What Receptors Does PT-141 Bind and What Are Their CNS Roles?

PT-141 binds MC4R (primary, expressed in PVN and mPOA — sexual behaviour, energy balance, autonomic function), MC3R (expressed in ARC and VMH — autoreceptor on POMC neurons, energy sensing, stress), and MC1R (low affinity — melanocytes, pigmentation, DNA repair). The MC4R-driven dopamine release in the mPOA and oxytocin release from the PVN are the primary mechanisms underlying PT-141’s sexual desire and arousal biology.

What Is the POMC System Context for PT-141 Research?

POMC is a shared precursor for multiple bioactive peptides including α-MSH, ACTH, and β-endorphin — with α-MSH being the primary endogenous ligand at MC1R, MC3R, and MC4R. PT-141 mimics α-MSH’s core receptor-engaging His-Phe-Arg-Trp sequence in a metabolically stabilised cyclic format. Understanding the endogenous POMC system — including the opposing AgRP (agouti-related peptide) melanocortin antagonist released by ARC neurons — is essential for interpreting PT-141’s biology in the context of the melanocortin system’s excitatory/inhibitory balance governing energy and sexual behaviour.

What Controls Are Required for PT-141 Research?

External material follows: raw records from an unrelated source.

(* Let $\mathcal{S}$ be a finite subset of $\overline{\mathbb{M}}$. Then there is an integer $e_0$ such that $\Delta^{(m)}_e(\mathcal{S})\subseteq\Delta^{(m)}_e(\phi(\mathcal{S}))$ for all $e\ge e_0$.
   Context: $q$ is a prime power, $m$ a positive integer. A monomial $\mu\neq1$ in $x_0,\dots,x_m$ written $x_0^{a_0}\cdots x_k^{a_k}$ with $a_k>0$ is projectively reduced if $a_0,\dots,a_{k-1}\le q-1$; $1$ is projectively reduced. $\overline{\mathbb{M}}$ is the set of projectively reduced monomials, $\overline{\mathbb{M}}_e$ those of degree $e$, and $\overline{\mathbb{M}}^{(m)}_e=\{x_0^{a_0}\cdots x_m^{a_m}\in\overline{\mathbb{M}}_e:a_m>0\}$. For a set $\mathcal{S}$ of monomials, $\Delta_e(\mathcal{S})=\{\mu\in\overline{\mathbb{M}}_e:\text{no }\nu\in\mathcal{S}\text{ divides }\mu\}$ and $\Delta^{(m)}_e(\mathcal{S})=\Delta_e(\mathcal{S})\cap\overline{\mathbb{M}}^{(m)}_e$. Given $\mathcal{S}\subseteq\overline{\mathbb{M}}$, for $\mu=x_0^{i_0}\cdots x_m^{i_m}\in\mathcal{S}$ set $\phi(\mu)=\mu x_{m-1}/x_m$ if $x_0^{i_0}\cdots x_{m-2}^{i_{m-2}}x_{m-1}^{i_{m-1}+i_m}\notin\mathcal{S}$ and $i_{m-1}+1<q$, and $\phi(\mu)=\mu$ otherwise; $\phi(\mathcal{S})$ is the image. *)

From mathcomp Require Import all_boot.
Set Implicit Arguments. Unset Strict Implicit. Unset Printing Implicit Defensive.

(* A monomial x_0^{a_0} ... x_m^{a_m} in the m+1 variables x_0,...,x_m,
   represented by its exponent vector. *)
Definition mon (m : nat) := {ffun 'I_m.+1 -> nat}.

Definition prime_power (q : nat) : Prop :=
  exists p k, prime p /\ 0 < k /\ q = p ^ k.

Definition mon1 (m : nat) (mu : mon m) : Prop := forall i, mu i = 0.

Definition proj_reduced (q m : nat) (mu : mon m) : Prop :=
  mon1 mu \/
  exists k : 'I_m.+1, [/\ 0 < mu k,
      (forall j : 'I_m.+1, k < j -> mu j = 0) &
      (forall i : 'I_m.+1, i < k -> mu i <= q - 1)].

Definition mdeg (m : nat) (mu : mon m) : nat := \sum_(i < m.+1) mu i.

Definition mdvd (m : nat) (nu mu : mon m) : Prop := forall i, nu i <= mu i.

Definition Delta (q m e : nat) (S : seq (mon m)) (mu : mon m) : Prop :=
  [/\ proj_reduced q mu, mdeg mu = e & forall nu, nu \in S -> ~ mdvd nu mu].

Definition Delta_m (q m e : nat) (S : seq (mon m)) (mu : mon m) : Prop :=
  Delta q e S mu /\ 0 < mu ord_max.

(* index m-1 (meaningful for m >= 1) *)
Definition idx_pred (m : nat) : 'I_m.+1 := inord m.-1.

Definition collapse (m : nat) (mu : mon m) : mon m :=
  [ffun i : 'I_m.+1 => if i == ord_max then 0
                       else if i == idx_pred m then mu (idx_pred m) + mu ord_max
                       else mu i].

(* mu * x_{m-1} / x_m  (only used when the exponent of x_m is positive) *)
Definition shift (m : nat) (mu : mon m) : mon m :=
  [ffun i : 'I_m.+1 => if i == ord_max then (mu ord_max).-1
                       else if i == idx_pred m then (mu (idx_pred m)).+1
                       else mu i].

Definition phi1 (q m : nat) (S : seq (mon m)) (mu : mon m) : mon m :=
  if (collapse mu \notin S) && ((mu (idx_pred m)).+1 < q) then shift mu else mu.

Definition phi (q m : nat) (S : seq (mon m)) : seq (mon m) :=
  map (phi1 q S) S.

From mathcomp Require Import all_boot.

Set Implicit Arguments.
Unset Strict Implicit.
Unset Printing Implicit Defensive.

(* A projectively reduced monomial containing x_m has all earlier exponents
   below q, so its degree exceeds its x_m-exponent by at most m(q-1).  In large
   degree the x_m-exponent of mu therefore exceeds that of every nu in S; as
   phi only moves one x_m of nu to x_{m-1}, phi(nu) | mu then forces nu | mu. *)

Lemma proj_reduced_exponent_le (q m : nat) (mu : mon m) (i : 'I_m.+1) :
  proj_reduced q mu -> 0 < mu ord_max -> i != ord_max -> mu i <= q - 1.
Proof.
move=> [mu1 | [k [_ mu_after_k mu_before_k]]] mu_m_gt0 i_ne_max.
  by rewrite mu1 in mu_m_gt0.
have k_max : k = ord_max.
  apply/val_inj/eqP; rewrite eqn_leq -ltnS ltn_ord leqNgt /=.
  by apply/negP => /(mu_after_k ord_max) mu_m0; rewrite mu_m0 in mu_m_gt0.
by apply: mu_before_k; rewrite k_max /= ltn_neqAle -ltnS ltn_ord andbT.
Qed.

Lemma proj_reduced_mdeg_le (q m : nat) (mu : mon m) :
  proj_reduced q mu -> 0 < mu ord_max -> mdeg mu <= m * (q - 1) + mu ord_max.
Proof.
move=> mu_red mu_m_gt0; rewrite /mdeg big_ord_recr /= leq_add2r.
rewrite -[m in m * _]card_ord -sum_nat_const; apply: leq_sum => i _.
by apply: proj_reduced_exponent_le => //; rewrite -val_eqE /= ltn_eqF.
Qed.

Lemma shift_ge (m : nat) (nu : mon m) (i : 'I_m.+1) :
  i != ord_max -> nu i <= shift nu i.
Proof.
by move=> /negbTE i_ne_max; rewrite ffunE i_ne_max; case: ifP => // /eqP ->.
Qed.

Lemma phi1_mdvd (q m : nat) (S : seq (mon m)) (nu mu : mon m) :
  nu ord_max <= mu ord_max -> mdvd (phi1 q S nu) mu -> mdvd nu mu.
Proof.
rewrite /phi1; case: ifP => // _ nu_m_le shift_dvd i.
have [-> // | i_ne_max] := eqVneq i ord_max.
exact: leq_trans (shift_ge nu i_ne_max) (shift_dvd i).
Qed.

Lemma Delta_m_map (q m e : nat) (f : mon m -> mon m) (S : seq (mon m)) (mu : mon m) :
  (forall nu, nu \in S -> mdvd (f nu) mu -> mdvd nu mu) ->
  Delta_m q e S mu -> Delta_m q e (map f S) mu.
Proof.
move=> f_dvd [[mu_red mu_deg S_ndvd] mu_m_gt0]; split=> //; split=> //.
by move=> _ /mapP [nu nu_in ->] /(f_dvd _ nu_in); apply: S_ndvd.
Qed.

Theorem lemma4p6 (q m : nat) (hq : prime_power q) (hm : 0 < m)
  (S : seq (mon m)) (hS : forall mu, mu \in S -> proj_reduced q mu) :
  exists e0 : nat, forall e : nat, e0 <= e ->
    forall mu : mon m, Delta_m q e S mu -> Delta_m q e (phi q S) mu.
Proof.
exists (m * (q - 1) + \max_(nu <- S) nu ord_max).+1 => e e_large mu mu_Delta.
have [[mu_red mu_deg _] mu_m_gt0] := mu_Delta.
apply: Delta_m_map mu_Delta => nu nu_in; apply: phi1_mdvd.
have deg_le := proj_reduced_mdeg_le mu_red mu_m_gt0; rewrite mu_deg in deg_le.
have nu_le_max := leq_bigmax_seq (P := xpredT) (F := fun nu : mon m => nu ord_max) nu nu_in isT.
rewrite leqNgt; apply: contraL e_large => lt_mu_nu; rewrite -leqNgt.
by apply: leq_trans deg_le _; rewrite leq_add2l; apply: leq_trans nu_le_max; apply: ltnW.
Qed.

Vehicle control (matched sterile water or buffer) is essential. MC4R antagonist controls (SHU9119, HS024) confirm that PT-141 effects are MC4R-receptor-mediated. For distinguishing MC4R from MC3R contributions — MC3R-selective antagonists (SHU9119 has mixed MC3R/MC4R activity; receptor knockout models provide cleaner subtype dissection). For dopamine pathway research — dopamine receptor antagonist controls (D1/D2 blockers) distinguish dopaminergic from dopamine-independent components of PT-141’s arousal biology.

What Purity Is Required?

≥99% HPLC with mass spectrometry confirming the intact cyclic heptapeptide molecular weight is essential. The cyclic lactam structure must be confirmed — linearised or incompletely cyclised contaminants would have substantially different MC3R/MC4R binding affinities and produce confounded dose-response characterisation. Batch CoA mass spectrometry data confirming the correct molecular ion is included with every lot.

Research Disclaimer

PT-141 (Bremelanotide) is supplied exclusively for legitimate scientific research purposes conducted within licensed laboratory environments across the EU and Europe. This product is not intended for human consumption, self-administration, or any therapeutic application. It must be handled by qualified researchers in compliance with applicable EU regulations and institutional ethics guidelines. By purchasing, you confirm that this compound will be used solely for approved in vitro or pre-clinical research purposes.